**Assigned task**
Pick out all lines of the entries that include the word "Definition" and copy them.

[The data — start]

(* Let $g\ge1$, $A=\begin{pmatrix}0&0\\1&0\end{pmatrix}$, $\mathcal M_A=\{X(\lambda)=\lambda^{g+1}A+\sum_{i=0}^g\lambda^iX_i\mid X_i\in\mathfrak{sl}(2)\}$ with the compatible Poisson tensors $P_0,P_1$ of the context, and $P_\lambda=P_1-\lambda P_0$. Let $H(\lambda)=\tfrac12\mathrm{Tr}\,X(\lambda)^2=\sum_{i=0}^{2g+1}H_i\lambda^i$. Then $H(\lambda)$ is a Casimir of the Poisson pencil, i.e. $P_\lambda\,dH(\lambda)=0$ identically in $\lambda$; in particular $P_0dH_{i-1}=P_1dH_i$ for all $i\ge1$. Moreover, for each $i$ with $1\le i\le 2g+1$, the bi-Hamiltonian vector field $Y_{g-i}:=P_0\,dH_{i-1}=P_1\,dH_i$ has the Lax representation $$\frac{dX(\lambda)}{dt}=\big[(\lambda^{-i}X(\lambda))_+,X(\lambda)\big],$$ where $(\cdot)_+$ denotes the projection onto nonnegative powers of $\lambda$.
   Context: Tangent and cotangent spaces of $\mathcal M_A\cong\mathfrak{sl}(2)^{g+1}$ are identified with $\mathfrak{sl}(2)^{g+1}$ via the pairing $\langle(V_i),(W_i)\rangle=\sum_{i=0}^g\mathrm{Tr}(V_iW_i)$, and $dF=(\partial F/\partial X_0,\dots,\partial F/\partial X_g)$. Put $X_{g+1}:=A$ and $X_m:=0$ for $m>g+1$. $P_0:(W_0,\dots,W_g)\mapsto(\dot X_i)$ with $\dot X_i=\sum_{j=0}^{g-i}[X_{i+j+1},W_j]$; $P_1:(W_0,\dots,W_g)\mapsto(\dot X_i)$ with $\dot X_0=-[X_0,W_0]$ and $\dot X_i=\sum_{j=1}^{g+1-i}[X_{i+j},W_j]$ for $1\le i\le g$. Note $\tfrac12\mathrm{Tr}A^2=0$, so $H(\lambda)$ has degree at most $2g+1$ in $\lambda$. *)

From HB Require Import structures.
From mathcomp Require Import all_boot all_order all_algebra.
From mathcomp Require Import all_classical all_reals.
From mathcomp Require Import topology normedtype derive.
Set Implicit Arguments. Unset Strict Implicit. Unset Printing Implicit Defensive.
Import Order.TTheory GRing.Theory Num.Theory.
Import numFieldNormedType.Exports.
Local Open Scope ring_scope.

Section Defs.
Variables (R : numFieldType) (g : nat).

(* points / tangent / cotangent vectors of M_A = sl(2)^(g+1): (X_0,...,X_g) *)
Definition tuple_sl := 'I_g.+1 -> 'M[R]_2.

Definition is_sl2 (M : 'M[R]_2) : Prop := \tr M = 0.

[The data — finish]

**Response below**
Definition tuple_sl := 'I_g.+1 -> 'M[R]_2.
Definition is_sl2 (M : 'M[R]_2) : Prop := \tr M = 0.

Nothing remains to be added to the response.